Find and copy each line in the material below where the string "assert" occurs.
=== Data to use ===
(* Let $G$ be any of the sequent calculi $\mathbf{GCE}$, $\mathbf{GCM}$, $\mathbf{GCMC}$, $\mathbf{GCEN}$, $\mathbf{GCMN}$, $\mathbf{GCK}$. Then the cut rule is admissible in $G$: if $G\vdash\Gamma_1\Rightarrow\phi,\Delta_1$ and $G\vdash\phi,\Gamma_2\Rightarrow\Delta_2$, then $G\vdash\Gamma_1,\Gamma_2\Rightarrow\Delta_1,\Delta_2$.
   Context: Formulas are those of $\mathcal{L}_\triangleright$: built from atoms and $\bot$ with $\wedge,\vee,\to$ and the binary $\triangleright$. A sequent is $\Gamma\Rightarrow\Delta$ with $\Gamma,\Delta$ finite multisets of formulas. $\mathbf{G3cp}$ has axioms $\Gamma,p\Rightarrow p,\Delta$ ($p$ atomic) and $\Gamma,\bot\Rightarrow\Delta$, and rules: $(L\wedge)$ from $\Gamma,\phi,\psi\Rightarrow\Delta$ infer $\Gamma,\phi\wedge\psi\Rightarrow\Delta$; $(R\wedge)$ from $\Gamma\Rightarrow\phi,\Delta$ and $\Gamma\Rightarrow\psi,\Delta$ infer $\Gamma\Rightarrow\phi\wedge\psi,\Delta$; $(L\vee)$ from $\Gamma,\phi\Rightarrow\Delta$ and $\Gamma,\psi\Rightarrow\Delta$ infer $\Gamma,\phi\vee\psi\Rightarrow\Delta$; $(R\vee)$ from $\Gamma\Rightarrow\phi,\psi,\Delta$ infer $\Gamma\Rightarrow\phi\vee\psi,\Delta$; $(L\to)$ from $\Gamma\Rightarrow\phi,\Delta$ and $\Gamma,\psi\Rightarrow\Delta$ infer $\Gamma,\phi\to\psi\Rightarrow\Delta$; $(R\to)$ from $\Gamma,\phi\Rightarrow\psi,\Delta$ infer $\Gamma\Rightarrow\phi\to\psi,\Delta$. $\mathbf{G3W}$ is $\mathbf{G3cp}$ plus weakening: from $\Gamma\Rightarrow\Delta$ infer $\Gamma,\phi\Rightarrow\Delta$, resp. $\Gamma\Rightarrow\phi,\Delta$. Write ''$\alpha\Leftrightarrow\beta$'' as a premise for the two premises $\alpha\Rightarrow\beta$ and $\beta\Rightarrow\alpha$. Conditional rules (no extra context in the conclusion): $(CE)$ from $\phi_0\Leftrightarrow\phi_1$ and $\psi_0\Leftrightarrow\psi_1$ infer $\phi_1\triangleright\psi_1\Rightarrow\phi_0\triangleright\psi_0$; $(CM)$ from $\phi_0\Leftrightarrow\phi_1$ and $\psi_1\Rightarrow\psi_0$ infer $\phi_1\triangleright\psi_1\Rightarrow\phi_0\triangleright\psi_0$; $(CMC)$ for $n\ge1$, from $\phi_0\Leftrightarrow\phi_i$ ($1\le i\le n$) and $\psi_1,\dots,\psi_n\Rightarrow\psi_0$ infer $\phi_1\triangleright\psi_1,\dots,\phi_n\triangleright\psi_n\Rightarrow\phi_0\triangleright\psi_0$; $(CN)$ from $\Rightarrow\psi_0$ infer $\Rightarrow\phi_0\triangleright\psi_0$. $\mathbf{GCE},\mathbf{GCM},\mathbf{GCMC}$ are $\mathbf{G3W}$ plus $(CE)$, $(CM)$, $(CMC)$ respectively; $\mathbf{GCEN},\mathbf{GCMN},\mathbf{GCK}$ are $\mathbf{GCE},\mathbf{GCM},\mathbf{GCMC}$ plus $(CN)$. The cut rule is not part of these calculi. *)

From Stdlib Require Import List Permutation.
Import ListNotations.

Inductive form : Type :=
| Atom : nat -> form
| Bot : form
| And : form -> form -> form
| Or : form -> form -> form
| Imp : form -> form -> form
| Cond : form -> form -> form.

Inductive calculus : Type := GCE | GCM | GCMC | GCEN | GCMN | GCK.

Definition has_CE (c : calculus) : bool :=
  match c with GCE | GCEN => true | _ => false end.
Definition has_CM (c : calculus) : bool :=
  match c with GCM | GCMN => true | _ => false end.
Definition has_CMC (c : calculus) : bool :=
  match c with GCMC | GCK => true | _ => false end.
Definition has_CN (c : calculus) : bool :=
  match c with GCEN | GCMN | GCK => true | _ => false end.

(* Sequents Gamma => Delta with Gamma, Delta finite multisets, represented as
   lists taken up to permutation (rule [perm]). Cut is NOT a rule. *)
Inductive derivable (c : calculus) : list form -> list form -> Prop :=
| perm : forall G G' D D', Permutation G G' -> Permutation D D' ->
    derivable c G D -> derivable c G' D'
| ax_atom : forall G D p, derivable c (Atom p :: G) (Atom p :: D)
| ax_bot : forall G D, derivable c (Bot :: G) D
| L_and : forall G D a b, derivable c (a :: b :: G) D ->
    derivable c (And a b :: G) D
| R_and : forall G D a b, derivable c G (a :: D) -> derivable c G (b :: D) ->
    derivable c G (And a b :: D)
| L_or : forall G D a b, derivable c (a :: G) D -> derivable c (b :: G) D ->
    derivable c (Or a b :: G) D
| R_or : forall G D a b, derivable c G (a :: b :: D) ->
    derivable c G (Or a b :: D)
| L_imp : forall G D a b, derivable c G (a :: D) -> derivable c (b :: G) D ->
    derivable c (Imp a b :: G) D
| R_imp : forall G D a b, derivable c (a :: G) (b :: D) ->
    derivable c G (Imp a b :: D)
| WL : forall G D a, derivable c G D -> derivable c (a :: G) D
| WR : forall G D a, derivable c G D -> derivable c G (a :: D)
| rule_CE : forall a0 a1 b0 b1, has_CE c = true ->
    derivable c [a0] [a1] -> derivable c [a1] [a0] ->
    derivable c [b0] [b1] -> derivable c [b1] [b0] ->
    derivable c [Cond a1 b1] [Cond a0 b0]
| rule_CM : forall a0 a1 b0 b1, has_CM c = true ->
    derivable c [a0] [a1] -> derivable c [a1] [a0] ->
    derivable c [b1] [b0] ->
    derivable c [Cond a1 b1] [Cond a0 b0]
| rule_CMC : forall (ps : list (form * form)) a0 b0, has_CMC c = true ->
    ps <> [] ->
    (forall p, In p ps -> derivable c [a0] [fst p] /\ derivable c [fst p] [a0]) ->
    derivable c (map snd ps) [b0] ->
    derivable c (map (fun p => Cond (fst p) (snd p)) ps) [Cond a0 b0]
| rule_CN : forall a0 b0, has_CN c = true ->
    derivable c [] [b0] -> derivable c [] [Cond a0 b0].

(* Cut is eliminated in an equivalent calculus [der] in which weakening is
   absorbed into the axioms and the conditional rules, and principal formulas
   may sit anywhere in a sequent.  There the propositional rules are invertible
   and contraction is admissible, by induction on the contracted formula.  Cut
   is then admitted by induction on the cut formula and, inside, on the
   derivation of the left premise: a principal propositional cut is replaced by
   cuts on the components followed by contractions.  When the cut formula
   [u ▷ v] comes from a conditional rule on the left, the cut is pushed up the
   right premise to the conditional rules with [u ▷ v] principal, and each is
   fused with the left rule into a single conditional rule whose antecedent
   premises come from cuts on [u] and whose consequent premise comes from a cut
   on [v]. *)

From Stdlib Require Import List Permutation Arith Lia.
Import ListNotations.

Definition form_eq_dec (x y : form) : {x = y} + {x <> y}.
Proof. decide equality; apply Nat.eq_dec. Qed.

Ltac perm_solve :=
  repeat match goal with H : Permutation _ _ |- _ =>
    let H' := fresh "Hcount" in
    pose proof (proj1 (Permutation_count_occ form_eq_dec _ _) H) as H'; clear H end;
  apply (proj2 (Permutation_count_occ form_eq_dec _ _));
  let x := fresh "x" in intro x;
  repeat match goal with H : forall _ : form, _ |- _ => specialize (H x) end;
  repeat (first [ rewrite count_occ_app in * | progress simpl in * ]);
  repeat (match goal with
          | |- context [form_eq_dec ?a ?b] => destruct (form_eq_dec a b); try subst
          | H : context [form_eq_dec ?a ?b] |- _ => destruct (form_eq_dec a b); try subst
          end); try congruence; lia.

Lemma in_split_perm {A : Type} (x : A) l : In x l -> exists k, Permutation l (x :: k).
Proof.
  intros Hx; destruct (in_split _ _ Hx) as [l1 [l2 ->]]; exists (l1 ++ l2).
  apply Permutation_sym, Permutation_middle.
Qed.

Lemma perm_cons_In (z x : form) l G : Permutation l (x :: G) -> In z l -> z = x \/ In z G.
Proof. intros HG Hz; apply (Permutation_in _ HG) in Hz; destruct Hz; auto. Qed.

Lemma perm_cons_In_neq (z x : form) l G :
  Permutation l (x :: G) -> In z l -> z <> x -> In z G.
Proof. intros HG Hz Hneq; destruct (perm_cons_In _ _ _ _ HG Hz); congruence. Qed.

Lemma perm_dup_In (z x : form) l G : Permutation l (x :: x :: G) -> In z l -> In z (x :: G).
Proof. intros HG Hz; apply (Permutation_in _ HG) in Hz; simpl in *; tauto. Qed.

Lemma perm_cons_cases (x y : form) l l' m :
  Permutation m (x :: l) -> Permutation m (y :: l') ->
  (x = y /\ Permutation l l') \/ exists k, Permutation l (y :: k) /\ Permutation l' (x :: k).
Proof.
  intros Hx Hy; assert (H : Permutation (x :: l) (y :: l')) by perm_solve.
  destruct (form_eq_dec x y) as [<-|Hneq].
  - left; split; [reflexivity | exact (Permutation_cons_inv H)].
  - right.
    assert (Hyl : In y l).
    { destruct (perm_cons_In y x _ _ (Permutation_sym H) (in_eq _ _)); congruence. }
    destruct (in_split_perm _ _ Hyl) as [k Hk]; exists k; split; [exact Hk | perm_solve].
Qed.

Lemma perm_cons_dup_cases (x y : form) l l' m :
  Permutation m (x :: l) -> Permutation m (y :: y :: l') ->
  (x = y /\ Permutation l (y :: l')) \/
  exists k, Permutation l' (x :: k) /\ Permutation l (y :: y :: k).
Proof.
  intros Hx Hy; destruct (perm_cons_cases _ _ _ _ _ Hx Hy) as [[<- Hl]|[k [Hk1 Hk2]]].
  - left; split; auto.
  - destruct (perm_cons_cases y x l' k (y :: l') (Permutation_refl _) Hk2)
      as [[<- Hl']|[k' [Hk'1 Hk'2]]].
    + left; split; [reflexivity | perm_solve].
    + right; exists k'; split; [exact Hk'1 | perm_solve].
Qed.

Definition cond_pair (p : form * form) : form := Cond (fst p) (snd p).

Lemma cond_pair_inj p q : cond_pair p = cond_pair q -> p = q.
Proof. destruct p, q; unfold cond_pair; simpl; congruence. Qed.

Lemma perm_map_cond_pair_cases x ps G0 G :
  Permutation (map cond_pair ps ++ G0) (x :: G) ->
  (exists q r, x = cond_pair q /\ Permutation ps (q :: r) /\
     Permutation G (map cond_pair r ++ G0)) \/
  (exists G0', Permutation G0 (x :: G0') /\ Permutation G (map cond_pair ps ++ G0')).
Proof.
  intros H; assert (Hx : In x (map cond_pair ps ++ G0))
    by (apply (Permutation_in _ (Permutation_sym H)), in_eq).
  destruct (in_app_or _ _ _ Hx) as [Hps|HG0].
  - left; apply in_map_iff in Hps as [q [<- Hq]].
    destruct (in_split_perm _ _ Hq) as [r Hr]; exists q, r; split; [reflexivity | split; [exact Hr |]].
    apply (Permutation_map cond_pair) in Hr; simpl in Hr; perm_solve.
  - right; destruct (in_split_perm _ _ HG0) as [G0' HG0']; exists G0'; split; [exact HG0' | perm_solve].
Qed.

Section Calculus.
Variable c : calculus.

(* The antecedent premises of (CMC) are split into two families so that
   induction provides hypotheses for them. *)
Inductive der : list form -> list form -> Prop :=
| der_ax G D p : In (Atom p) G -> In (Atom p) D -> der G D
| der_bot G D : In Bot G -> der G D
| der_Land G D G0 a b :
    Permutation G (And a b :: G0) -> der (a :: b :: G0) D -> der G D
| der_Rand G D D0 a b :
    Permutation D (And a b :: D0) -> der G (a :: D0) -> der G (b :: D0) -> der G D
| der_Lor G D G0 a b :
    Permutation G (Or a b :: G0) -> der (a :: G0) D -> der (b :: G0) D -> der G D
| der_Ror G D D0 a b :
    Permutation D (Or a b :: D0) -> der G (a :: b :: D0) -> der G D
| der_Limp G D G0 a b :
    Permutation G (Imp a b :: G0) -> der G0 (a :: D) -> der (b :: G0) D -> der G D
| der_Rimp G D D0 a b :
    Permutation D (Imp a b :: D0) -> der (a :: G) (b :: D0) -> der G D
| der_CE G D a0 a1 b0 b1 : has_CE c = true ->
    In (Cond a1 b1) G -> In (Cond a0 b0) D ->
    der [a0] [a1] -> der [a1] [a0] -> der [b0] [b1] -> der [b1] [b0] -> der G D
| der_CM G D a0 a1 b0 b1 : has_CM c = true ->
    In (Cond a1 b1) G -> In (Cond a0 b0) D ->
    der [a0] [a1] -> der [a1] [a0] -> der [b1] [b0] -> der G D
| der_CMC G D G0 ps a0 b0 : has_CMC c = true -> ps <> [] ->
    Permutation G (map cond_pair ps ++ G0) -> In (Cond a0 b0) D ->
    (forall p, In p ps -> der [a0] [fst p]) -> (forall p, In p ps -> der [fst p] [a0]) ->
    der (map snd ps) [b0] -> der G D
| der_CN G D a0 b0 : has_CN c = true -> In (Cond a0 b0) D -> der [] [b0] -> der G D.

Lemma der_perm G D : der G D -> forall G' D', Permutation G G' -> Permutation D D' -> der G' D'.
Proof.
  induction 1; intros G' D' HG HD.
  - apply der_ax with p; eapply Permutation_in; eauto.
  - apply der_bot; eapply Permutation_in; eauto.
  - apply der_Land with G0 a b; [perm_solve | auto].
  - apply der_Rand with D0 a b; [perm_solve | auto | auto].
  - apply der_Lor with G0 a b; [perm_solve | auto | auto].
  - apply der_Ror with D0 a b; [perm_solve | auto].
  - apply der_Limp with G0 a b; [perm_solve | auto | auto].
  - apply der_Rimp with D0 a b; [perm_solve | auto].
  - apply der_CE with a0 a1 b0 b1; auto; eapply Permutation_in; eauto.
  - apply der_CM with a0 a1 b0 b1; auto; eapply Permutation_in; eauto.
  - apply der_CMC with G0 ps a0 b0; auto; [perm_solve | eapply Permutation_in; eauto].
  - apply der_CN with a0 b0; auto; eapply Permutation_in; eauto.
Qed.

Lemma der_weaken G D G' D' : der G D -> der (G ++ G') (D ++ D').
Proof.
  intros H; revert G' D'; induction H; intros G' D'.
  - apply der_ax with p; apply in_or_app; auto.
  - apply der_bot; apply in_or_app; auto.
  - apply der_Land with (G0 ++ G') a b; [perm_solve | apply IHder].
  - apply der_Rand with (D0 ++ D') a b; [perm_solve | apply IHder1 | apply IHder2].
  - apply der_Lor with (G0 ++ G') a b; [perm_solve | apply IHder1 | apply IHder2].
  - apply der_Ror with (D0 ++ D') a b; [perm_solve | apply IHder].
  - apply der_Limp with (G0 ++ G') a b; [perm_solve | apply (IHder1 G' D') | apply IHder2].
  - apply der_Rimp with (D0 ++ D') a b; [perm_solve | apply (IHder G' D')].
  - apply der_CE with a0 a1 b0 b1; auto; apply in_or_app; auto.
  - apply der_CM with a0 a1 b0 b1; auto; apply in_or_app; auto.
  - apply der_CMC with (G0 ++ G') ps a0 b0; auto; [perm_solve | apply in_or_app; auto].
  - apply der_CN with a0 b0; auto; apply in_or_app; auto.
Qed.

Lemma der_weaken_perm G D L M G' D' :
  der G D -> Permutation G' (G ++ L) -> Permutation D' (D ++ M) -> der G' D'.
Proof.
  intros H HG HD; apply (der_perm _ _ (der_weaken _ _ L M H)); apply Permutation_sym; assumption.
Qed.

Lemma der_WL G D a : der G D -> der (a :: G) D.
Proof. intros H; apply (der_weaken_perm _ _ [a] [] _ _ H); perm_solve. Qed.

Lemma der_WR G D a : der G D -> der G (a :: D).
Proof. intros H; apply (der_weaken_perm _ _ [] [a] _ _ H); perm_solve. Qed.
===
▶ Response below
  intros Hx Hy; assert (H : Permutation (x :: l) (y :: l')) by perm_solve.
    assert (Hyl : In y l).
  intros H; assert (Hx : In x (map cond_pair ps ++ G0))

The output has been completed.